- [Exercise materials]:
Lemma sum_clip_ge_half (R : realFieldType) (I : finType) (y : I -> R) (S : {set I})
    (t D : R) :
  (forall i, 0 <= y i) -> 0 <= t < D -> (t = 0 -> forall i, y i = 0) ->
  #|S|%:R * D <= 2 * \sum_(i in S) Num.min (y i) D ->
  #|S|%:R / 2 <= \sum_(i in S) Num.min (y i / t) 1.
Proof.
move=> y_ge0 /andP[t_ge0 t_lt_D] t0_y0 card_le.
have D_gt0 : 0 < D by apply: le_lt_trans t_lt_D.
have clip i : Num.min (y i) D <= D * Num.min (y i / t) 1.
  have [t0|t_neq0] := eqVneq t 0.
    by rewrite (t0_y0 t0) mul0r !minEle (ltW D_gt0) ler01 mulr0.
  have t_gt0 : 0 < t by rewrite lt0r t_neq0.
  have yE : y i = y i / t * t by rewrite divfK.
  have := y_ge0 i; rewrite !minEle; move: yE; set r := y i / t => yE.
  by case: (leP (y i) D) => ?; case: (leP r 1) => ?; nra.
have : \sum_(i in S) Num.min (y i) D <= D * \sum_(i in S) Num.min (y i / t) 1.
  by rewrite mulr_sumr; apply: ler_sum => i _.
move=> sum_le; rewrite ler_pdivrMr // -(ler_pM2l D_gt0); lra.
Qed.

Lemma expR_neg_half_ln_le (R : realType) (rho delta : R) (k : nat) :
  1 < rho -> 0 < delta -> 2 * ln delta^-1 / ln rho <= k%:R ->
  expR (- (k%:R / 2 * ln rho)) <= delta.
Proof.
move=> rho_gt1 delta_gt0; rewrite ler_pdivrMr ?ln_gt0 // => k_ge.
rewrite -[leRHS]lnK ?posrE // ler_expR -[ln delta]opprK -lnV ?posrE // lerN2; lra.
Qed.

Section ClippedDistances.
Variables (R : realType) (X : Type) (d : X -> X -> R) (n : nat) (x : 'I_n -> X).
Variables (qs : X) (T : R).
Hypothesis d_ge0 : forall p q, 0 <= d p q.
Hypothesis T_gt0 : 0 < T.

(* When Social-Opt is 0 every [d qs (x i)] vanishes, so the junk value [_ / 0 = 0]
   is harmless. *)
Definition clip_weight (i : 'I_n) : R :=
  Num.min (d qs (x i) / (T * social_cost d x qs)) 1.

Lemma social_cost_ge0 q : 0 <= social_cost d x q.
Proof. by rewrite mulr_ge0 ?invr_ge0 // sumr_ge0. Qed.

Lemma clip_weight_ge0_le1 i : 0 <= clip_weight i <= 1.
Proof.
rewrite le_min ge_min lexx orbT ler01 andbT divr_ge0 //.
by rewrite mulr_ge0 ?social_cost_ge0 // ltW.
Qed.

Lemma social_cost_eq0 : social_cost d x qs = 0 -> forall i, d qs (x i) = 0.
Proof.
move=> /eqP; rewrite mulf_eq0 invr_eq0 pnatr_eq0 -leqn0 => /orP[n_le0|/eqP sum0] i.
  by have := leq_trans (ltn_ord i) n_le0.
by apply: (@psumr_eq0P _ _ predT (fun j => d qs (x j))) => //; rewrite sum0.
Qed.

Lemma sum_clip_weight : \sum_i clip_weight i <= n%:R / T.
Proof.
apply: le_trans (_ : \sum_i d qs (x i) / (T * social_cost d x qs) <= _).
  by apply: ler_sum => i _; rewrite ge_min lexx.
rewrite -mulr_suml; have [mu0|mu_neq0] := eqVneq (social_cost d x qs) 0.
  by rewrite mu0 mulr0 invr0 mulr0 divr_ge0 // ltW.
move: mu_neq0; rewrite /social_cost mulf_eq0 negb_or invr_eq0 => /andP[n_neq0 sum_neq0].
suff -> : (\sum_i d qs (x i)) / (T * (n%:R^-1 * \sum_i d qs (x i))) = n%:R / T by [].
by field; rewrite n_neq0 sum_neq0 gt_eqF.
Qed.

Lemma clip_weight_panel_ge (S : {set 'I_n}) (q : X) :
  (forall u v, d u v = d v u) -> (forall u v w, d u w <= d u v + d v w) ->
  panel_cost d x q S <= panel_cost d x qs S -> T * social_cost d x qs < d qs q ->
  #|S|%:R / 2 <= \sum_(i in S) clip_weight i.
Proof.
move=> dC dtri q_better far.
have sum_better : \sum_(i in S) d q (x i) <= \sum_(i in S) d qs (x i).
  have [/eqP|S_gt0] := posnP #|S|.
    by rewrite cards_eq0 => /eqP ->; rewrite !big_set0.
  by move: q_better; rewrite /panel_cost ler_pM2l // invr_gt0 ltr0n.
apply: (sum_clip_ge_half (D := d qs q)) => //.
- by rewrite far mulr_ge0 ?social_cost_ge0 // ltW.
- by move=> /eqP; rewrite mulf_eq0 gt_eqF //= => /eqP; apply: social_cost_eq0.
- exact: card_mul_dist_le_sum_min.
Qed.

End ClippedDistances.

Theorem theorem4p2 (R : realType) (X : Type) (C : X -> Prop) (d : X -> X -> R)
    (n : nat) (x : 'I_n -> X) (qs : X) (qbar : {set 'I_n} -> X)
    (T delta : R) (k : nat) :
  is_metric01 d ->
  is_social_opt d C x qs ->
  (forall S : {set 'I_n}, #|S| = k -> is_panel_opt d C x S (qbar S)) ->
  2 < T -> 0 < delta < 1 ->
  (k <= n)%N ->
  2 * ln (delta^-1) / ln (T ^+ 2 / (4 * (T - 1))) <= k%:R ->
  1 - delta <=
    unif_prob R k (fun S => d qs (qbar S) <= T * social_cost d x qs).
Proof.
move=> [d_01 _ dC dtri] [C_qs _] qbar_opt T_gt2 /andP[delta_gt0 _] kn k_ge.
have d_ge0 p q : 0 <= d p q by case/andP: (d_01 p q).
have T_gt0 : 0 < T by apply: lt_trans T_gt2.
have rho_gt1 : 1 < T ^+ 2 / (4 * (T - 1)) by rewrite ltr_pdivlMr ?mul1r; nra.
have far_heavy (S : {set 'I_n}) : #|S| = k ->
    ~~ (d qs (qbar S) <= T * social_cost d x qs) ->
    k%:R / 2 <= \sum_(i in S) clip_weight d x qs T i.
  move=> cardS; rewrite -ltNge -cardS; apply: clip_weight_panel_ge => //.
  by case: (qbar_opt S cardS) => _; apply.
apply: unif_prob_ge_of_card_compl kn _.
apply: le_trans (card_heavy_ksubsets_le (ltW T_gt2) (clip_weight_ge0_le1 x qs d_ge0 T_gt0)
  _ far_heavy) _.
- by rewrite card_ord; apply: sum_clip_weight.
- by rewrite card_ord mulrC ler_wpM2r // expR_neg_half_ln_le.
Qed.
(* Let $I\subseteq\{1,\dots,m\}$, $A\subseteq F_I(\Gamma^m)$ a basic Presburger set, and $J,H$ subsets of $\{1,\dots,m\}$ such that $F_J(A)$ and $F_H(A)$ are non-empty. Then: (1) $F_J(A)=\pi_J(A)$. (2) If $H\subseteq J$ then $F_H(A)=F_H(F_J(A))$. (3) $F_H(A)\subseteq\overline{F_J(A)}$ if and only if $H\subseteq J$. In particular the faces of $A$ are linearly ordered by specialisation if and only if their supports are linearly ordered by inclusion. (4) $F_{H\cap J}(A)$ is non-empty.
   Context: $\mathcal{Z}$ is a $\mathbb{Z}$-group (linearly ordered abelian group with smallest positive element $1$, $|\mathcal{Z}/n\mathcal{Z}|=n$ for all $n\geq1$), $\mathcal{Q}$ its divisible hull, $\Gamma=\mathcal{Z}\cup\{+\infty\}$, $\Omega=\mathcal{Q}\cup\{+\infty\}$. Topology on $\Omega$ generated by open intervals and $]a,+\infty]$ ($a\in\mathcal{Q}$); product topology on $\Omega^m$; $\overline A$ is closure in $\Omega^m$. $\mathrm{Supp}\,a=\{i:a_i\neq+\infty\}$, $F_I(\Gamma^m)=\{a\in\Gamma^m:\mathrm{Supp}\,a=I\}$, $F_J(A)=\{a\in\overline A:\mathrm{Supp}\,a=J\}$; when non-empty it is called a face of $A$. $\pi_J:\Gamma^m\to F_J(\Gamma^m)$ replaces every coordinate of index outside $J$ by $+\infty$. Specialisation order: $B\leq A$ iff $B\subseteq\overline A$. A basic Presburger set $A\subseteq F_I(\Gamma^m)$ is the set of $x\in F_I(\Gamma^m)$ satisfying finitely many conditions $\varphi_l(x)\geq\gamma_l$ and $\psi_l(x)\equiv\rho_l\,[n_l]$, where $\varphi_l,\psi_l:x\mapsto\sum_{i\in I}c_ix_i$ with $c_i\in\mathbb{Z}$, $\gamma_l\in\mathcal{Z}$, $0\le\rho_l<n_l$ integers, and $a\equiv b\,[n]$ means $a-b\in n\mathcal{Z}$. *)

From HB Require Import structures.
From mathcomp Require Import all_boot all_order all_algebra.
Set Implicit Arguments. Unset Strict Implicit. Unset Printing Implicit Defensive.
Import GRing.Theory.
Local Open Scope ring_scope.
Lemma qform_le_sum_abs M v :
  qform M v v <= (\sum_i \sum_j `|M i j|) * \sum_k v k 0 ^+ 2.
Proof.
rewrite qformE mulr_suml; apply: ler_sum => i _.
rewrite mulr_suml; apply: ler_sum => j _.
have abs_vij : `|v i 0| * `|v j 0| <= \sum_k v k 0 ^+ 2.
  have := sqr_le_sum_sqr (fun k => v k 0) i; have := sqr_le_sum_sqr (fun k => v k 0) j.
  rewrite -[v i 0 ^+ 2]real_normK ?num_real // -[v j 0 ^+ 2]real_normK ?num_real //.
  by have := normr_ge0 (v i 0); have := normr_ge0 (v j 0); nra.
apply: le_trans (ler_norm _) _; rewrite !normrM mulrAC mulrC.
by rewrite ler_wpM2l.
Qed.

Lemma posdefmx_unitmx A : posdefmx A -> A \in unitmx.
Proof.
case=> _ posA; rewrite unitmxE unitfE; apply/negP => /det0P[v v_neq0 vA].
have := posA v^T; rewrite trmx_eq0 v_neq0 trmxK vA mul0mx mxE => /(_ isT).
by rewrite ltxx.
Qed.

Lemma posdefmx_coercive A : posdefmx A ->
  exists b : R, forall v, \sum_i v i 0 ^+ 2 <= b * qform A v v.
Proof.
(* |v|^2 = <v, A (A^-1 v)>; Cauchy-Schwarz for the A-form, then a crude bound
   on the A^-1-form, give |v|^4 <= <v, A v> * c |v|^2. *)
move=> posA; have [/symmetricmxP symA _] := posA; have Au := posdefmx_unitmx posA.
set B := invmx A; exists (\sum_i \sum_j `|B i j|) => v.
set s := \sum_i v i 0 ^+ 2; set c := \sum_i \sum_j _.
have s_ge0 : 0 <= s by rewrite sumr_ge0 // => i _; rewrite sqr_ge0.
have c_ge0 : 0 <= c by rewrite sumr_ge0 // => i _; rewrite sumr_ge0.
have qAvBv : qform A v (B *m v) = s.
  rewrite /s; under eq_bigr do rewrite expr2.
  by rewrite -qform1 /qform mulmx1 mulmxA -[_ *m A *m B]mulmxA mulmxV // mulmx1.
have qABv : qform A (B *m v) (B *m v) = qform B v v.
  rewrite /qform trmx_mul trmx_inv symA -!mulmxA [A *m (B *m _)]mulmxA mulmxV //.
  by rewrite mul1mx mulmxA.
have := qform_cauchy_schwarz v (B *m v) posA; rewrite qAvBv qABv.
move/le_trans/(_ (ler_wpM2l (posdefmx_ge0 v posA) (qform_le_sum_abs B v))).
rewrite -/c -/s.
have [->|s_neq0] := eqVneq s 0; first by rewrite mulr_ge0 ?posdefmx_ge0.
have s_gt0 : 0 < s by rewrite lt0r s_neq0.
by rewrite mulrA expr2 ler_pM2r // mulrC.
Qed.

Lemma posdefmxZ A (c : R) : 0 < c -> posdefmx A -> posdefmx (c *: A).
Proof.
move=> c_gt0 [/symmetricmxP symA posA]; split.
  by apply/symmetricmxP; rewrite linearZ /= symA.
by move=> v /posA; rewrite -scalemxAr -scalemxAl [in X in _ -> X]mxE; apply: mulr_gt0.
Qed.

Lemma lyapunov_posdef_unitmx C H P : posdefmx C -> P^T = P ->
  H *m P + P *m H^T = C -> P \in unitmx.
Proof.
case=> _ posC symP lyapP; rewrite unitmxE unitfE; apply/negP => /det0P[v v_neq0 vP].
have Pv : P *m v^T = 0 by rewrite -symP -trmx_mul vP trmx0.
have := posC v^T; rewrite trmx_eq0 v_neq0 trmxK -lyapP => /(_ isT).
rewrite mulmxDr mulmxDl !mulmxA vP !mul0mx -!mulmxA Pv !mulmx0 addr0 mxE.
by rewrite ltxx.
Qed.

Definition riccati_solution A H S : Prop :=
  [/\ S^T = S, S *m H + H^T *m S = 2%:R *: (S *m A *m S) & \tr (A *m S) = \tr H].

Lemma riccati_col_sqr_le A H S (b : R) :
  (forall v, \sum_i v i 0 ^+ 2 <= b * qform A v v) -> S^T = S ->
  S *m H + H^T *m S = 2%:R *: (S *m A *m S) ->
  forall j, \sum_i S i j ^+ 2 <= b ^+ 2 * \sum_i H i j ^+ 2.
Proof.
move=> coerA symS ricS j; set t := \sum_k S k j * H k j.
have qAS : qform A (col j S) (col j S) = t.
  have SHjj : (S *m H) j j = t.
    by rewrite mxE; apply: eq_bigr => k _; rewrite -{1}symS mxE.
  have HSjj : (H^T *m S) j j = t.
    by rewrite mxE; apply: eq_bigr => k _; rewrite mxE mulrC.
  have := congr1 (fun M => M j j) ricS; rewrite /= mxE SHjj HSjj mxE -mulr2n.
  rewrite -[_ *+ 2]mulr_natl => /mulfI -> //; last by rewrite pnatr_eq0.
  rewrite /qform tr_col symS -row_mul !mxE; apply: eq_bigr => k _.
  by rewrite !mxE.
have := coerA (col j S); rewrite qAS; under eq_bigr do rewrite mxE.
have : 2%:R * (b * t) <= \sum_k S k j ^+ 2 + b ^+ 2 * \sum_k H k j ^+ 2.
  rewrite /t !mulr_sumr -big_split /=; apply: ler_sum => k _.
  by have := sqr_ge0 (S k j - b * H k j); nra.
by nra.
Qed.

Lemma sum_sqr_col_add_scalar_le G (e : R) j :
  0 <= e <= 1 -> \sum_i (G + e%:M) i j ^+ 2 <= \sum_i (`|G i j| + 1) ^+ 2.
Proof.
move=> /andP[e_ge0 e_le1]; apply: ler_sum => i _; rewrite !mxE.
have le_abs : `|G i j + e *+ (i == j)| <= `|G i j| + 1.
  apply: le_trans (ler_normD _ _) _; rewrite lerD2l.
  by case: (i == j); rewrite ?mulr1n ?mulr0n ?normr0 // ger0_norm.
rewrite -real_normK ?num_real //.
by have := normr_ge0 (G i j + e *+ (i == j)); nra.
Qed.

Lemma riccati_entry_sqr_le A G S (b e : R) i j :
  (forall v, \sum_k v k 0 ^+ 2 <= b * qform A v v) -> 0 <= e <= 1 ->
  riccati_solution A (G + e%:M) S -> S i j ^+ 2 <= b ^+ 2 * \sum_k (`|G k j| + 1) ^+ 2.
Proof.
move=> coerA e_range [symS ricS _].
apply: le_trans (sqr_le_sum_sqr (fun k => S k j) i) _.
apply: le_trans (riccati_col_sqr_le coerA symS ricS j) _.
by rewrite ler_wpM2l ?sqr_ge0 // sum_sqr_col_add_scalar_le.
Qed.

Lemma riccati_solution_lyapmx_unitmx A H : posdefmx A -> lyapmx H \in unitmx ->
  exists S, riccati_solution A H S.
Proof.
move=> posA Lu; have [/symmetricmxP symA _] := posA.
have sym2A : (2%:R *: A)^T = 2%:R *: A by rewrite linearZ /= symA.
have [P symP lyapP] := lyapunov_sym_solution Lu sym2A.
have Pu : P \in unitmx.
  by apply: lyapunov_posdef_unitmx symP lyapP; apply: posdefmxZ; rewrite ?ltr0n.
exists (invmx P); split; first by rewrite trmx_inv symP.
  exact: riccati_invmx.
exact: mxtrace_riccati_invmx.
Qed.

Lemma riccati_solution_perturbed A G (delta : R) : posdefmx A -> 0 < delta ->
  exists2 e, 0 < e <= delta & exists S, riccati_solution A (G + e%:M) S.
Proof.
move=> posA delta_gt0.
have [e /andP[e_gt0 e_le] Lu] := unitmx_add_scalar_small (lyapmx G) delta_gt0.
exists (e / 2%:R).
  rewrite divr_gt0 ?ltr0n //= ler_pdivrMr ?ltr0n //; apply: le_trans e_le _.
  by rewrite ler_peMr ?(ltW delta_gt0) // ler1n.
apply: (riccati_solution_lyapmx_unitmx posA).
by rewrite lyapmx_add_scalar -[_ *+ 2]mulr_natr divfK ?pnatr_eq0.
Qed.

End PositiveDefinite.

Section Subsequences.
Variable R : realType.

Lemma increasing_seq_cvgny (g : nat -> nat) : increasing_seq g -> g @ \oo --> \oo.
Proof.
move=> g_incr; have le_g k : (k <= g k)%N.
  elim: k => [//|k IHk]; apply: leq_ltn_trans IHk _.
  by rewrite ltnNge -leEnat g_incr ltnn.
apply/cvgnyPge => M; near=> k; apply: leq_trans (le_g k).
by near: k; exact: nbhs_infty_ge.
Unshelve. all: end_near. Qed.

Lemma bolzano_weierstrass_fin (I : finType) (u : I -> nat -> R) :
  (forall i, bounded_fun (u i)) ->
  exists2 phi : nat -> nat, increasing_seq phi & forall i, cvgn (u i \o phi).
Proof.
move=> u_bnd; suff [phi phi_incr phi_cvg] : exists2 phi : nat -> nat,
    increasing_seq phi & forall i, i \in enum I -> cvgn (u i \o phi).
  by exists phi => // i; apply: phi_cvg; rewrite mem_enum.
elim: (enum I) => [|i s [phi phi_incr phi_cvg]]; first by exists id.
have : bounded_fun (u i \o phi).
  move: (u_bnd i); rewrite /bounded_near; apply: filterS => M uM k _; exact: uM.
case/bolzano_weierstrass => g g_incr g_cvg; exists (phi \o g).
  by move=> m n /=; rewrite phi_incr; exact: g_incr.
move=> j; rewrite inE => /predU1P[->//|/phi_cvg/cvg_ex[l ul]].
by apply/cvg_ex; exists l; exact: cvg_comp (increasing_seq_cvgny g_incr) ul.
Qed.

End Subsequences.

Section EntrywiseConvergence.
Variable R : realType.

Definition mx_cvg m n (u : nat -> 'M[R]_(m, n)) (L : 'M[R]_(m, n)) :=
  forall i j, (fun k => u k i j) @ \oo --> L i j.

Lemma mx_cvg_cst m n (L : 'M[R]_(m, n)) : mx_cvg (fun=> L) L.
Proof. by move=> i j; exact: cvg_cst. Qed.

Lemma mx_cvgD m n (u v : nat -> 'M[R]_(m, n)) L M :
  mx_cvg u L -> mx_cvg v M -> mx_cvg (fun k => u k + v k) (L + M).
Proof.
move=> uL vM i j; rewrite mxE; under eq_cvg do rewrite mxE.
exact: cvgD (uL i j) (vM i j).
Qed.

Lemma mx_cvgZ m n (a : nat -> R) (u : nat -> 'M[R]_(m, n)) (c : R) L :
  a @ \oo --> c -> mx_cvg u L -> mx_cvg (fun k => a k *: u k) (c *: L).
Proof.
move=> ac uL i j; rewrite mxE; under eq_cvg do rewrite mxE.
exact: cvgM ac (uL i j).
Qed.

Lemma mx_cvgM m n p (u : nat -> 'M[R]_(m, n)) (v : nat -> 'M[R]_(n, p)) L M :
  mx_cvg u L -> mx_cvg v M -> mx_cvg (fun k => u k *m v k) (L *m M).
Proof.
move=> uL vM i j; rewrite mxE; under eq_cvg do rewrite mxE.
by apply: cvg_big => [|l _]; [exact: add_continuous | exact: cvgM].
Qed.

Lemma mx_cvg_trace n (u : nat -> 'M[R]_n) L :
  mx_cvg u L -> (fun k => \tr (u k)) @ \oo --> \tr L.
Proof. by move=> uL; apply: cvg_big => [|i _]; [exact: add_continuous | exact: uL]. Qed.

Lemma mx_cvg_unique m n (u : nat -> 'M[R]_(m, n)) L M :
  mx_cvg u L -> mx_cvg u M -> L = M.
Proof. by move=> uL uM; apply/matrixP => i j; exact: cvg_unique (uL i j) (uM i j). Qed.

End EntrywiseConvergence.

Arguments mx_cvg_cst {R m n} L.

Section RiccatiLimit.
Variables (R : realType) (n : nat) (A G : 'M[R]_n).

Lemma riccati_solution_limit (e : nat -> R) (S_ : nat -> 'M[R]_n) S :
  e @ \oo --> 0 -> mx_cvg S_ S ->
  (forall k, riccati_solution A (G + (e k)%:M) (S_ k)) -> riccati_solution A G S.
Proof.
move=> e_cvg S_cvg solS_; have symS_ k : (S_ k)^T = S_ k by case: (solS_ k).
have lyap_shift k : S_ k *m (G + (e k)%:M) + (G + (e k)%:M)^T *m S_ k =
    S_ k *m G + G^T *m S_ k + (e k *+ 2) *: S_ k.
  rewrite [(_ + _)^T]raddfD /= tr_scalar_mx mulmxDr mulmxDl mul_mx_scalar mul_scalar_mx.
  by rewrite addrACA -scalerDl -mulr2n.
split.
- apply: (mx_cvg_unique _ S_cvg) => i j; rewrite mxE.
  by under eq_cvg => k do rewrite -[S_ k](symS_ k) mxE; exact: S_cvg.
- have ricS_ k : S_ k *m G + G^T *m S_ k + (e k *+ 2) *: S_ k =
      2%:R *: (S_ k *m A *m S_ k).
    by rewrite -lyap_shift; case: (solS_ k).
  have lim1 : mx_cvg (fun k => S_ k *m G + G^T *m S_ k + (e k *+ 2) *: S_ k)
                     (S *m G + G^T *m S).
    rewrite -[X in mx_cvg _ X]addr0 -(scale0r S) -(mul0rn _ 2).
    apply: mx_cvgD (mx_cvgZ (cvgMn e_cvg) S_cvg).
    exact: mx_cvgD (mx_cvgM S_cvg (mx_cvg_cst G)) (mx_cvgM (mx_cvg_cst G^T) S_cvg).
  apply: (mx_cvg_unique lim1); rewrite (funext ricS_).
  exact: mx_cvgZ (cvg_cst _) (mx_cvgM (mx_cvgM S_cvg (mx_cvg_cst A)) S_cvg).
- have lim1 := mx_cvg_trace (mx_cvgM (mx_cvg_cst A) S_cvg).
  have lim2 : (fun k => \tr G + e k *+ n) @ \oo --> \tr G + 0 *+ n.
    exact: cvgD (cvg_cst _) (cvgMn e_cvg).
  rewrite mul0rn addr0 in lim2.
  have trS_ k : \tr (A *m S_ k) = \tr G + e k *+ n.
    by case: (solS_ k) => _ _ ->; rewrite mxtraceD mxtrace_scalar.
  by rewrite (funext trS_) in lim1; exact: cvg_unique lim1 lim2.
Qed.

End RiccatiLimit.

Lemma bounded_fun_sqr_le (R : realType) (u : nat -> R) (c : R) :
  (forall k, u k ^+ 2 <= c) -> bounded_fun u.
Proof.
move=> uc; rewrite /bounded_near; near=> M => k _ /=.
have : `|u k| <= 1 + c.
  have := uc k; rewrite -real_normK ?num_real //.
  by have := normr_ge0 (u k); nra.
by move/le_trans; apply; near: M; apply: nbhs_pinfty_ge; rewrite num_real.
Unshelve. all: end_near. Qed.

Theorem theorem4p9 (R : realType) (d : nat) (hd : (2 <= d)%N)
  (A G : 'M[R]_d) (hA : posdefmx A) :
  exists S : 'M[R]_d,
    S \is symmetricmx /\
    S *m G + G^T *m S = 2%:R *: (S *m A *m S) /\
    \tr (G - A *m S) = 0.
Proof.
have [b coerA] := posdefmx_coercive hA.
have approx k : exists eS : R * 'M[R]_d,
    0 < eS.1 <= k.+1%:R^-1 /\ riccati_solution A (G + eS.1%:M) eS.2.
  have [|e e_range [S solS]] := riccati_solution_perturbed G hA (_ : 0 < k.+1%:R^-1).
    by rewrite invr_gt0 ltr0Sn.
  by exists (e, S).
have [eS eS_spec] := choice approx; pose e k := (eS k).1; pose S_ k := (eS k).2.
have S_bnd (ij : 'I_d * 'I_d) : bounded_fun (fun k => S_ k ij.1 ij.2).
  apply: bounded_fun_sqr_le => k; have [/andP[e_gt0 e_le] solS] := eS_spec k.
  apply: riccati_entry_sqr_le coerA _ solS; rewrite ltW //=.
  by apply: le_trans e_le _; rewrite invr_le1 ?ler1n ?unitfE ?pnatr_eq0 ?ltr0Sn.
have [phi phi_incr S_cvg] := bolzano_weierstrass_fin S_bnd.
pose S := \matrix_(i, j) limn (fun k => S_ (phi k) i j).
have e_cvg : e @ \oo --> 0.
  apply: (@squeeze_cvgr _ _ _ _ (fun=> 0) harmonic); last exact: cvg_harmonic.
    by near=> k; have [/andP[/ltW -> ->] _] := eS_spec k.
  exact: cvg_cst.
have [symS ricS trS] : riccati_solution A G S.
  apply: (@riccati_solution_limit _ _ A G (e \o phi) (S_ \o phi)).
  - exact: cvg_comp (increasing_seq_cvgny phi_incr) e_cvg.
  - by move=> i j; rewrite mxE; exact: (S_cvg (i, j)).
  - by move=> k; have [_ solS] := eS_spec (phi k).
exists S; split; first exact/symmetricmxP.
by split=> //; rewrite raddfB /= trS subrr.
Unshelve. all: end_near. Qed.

- [The task]:
Give back precisely the lines above that start at the line containing "apply: le_trans (_" and end at the line containing "by rewrite mu0", inclusive. No other lines belong in the output.

- [The answer]:
apply: le_trans (_ : \sum_i d qs (x i) / (T * social_cost d x qs) <= _).
  by apply: ler_sum => i _; rewrite ge_min lexx.
rewrite -mulr_suml; have [mu0|mu_neq0] := eqVneq (social_cost d x qs) 0.
  by rewrite mu0 mulr0 invr0 mulr0 divr_ge0 // ltW.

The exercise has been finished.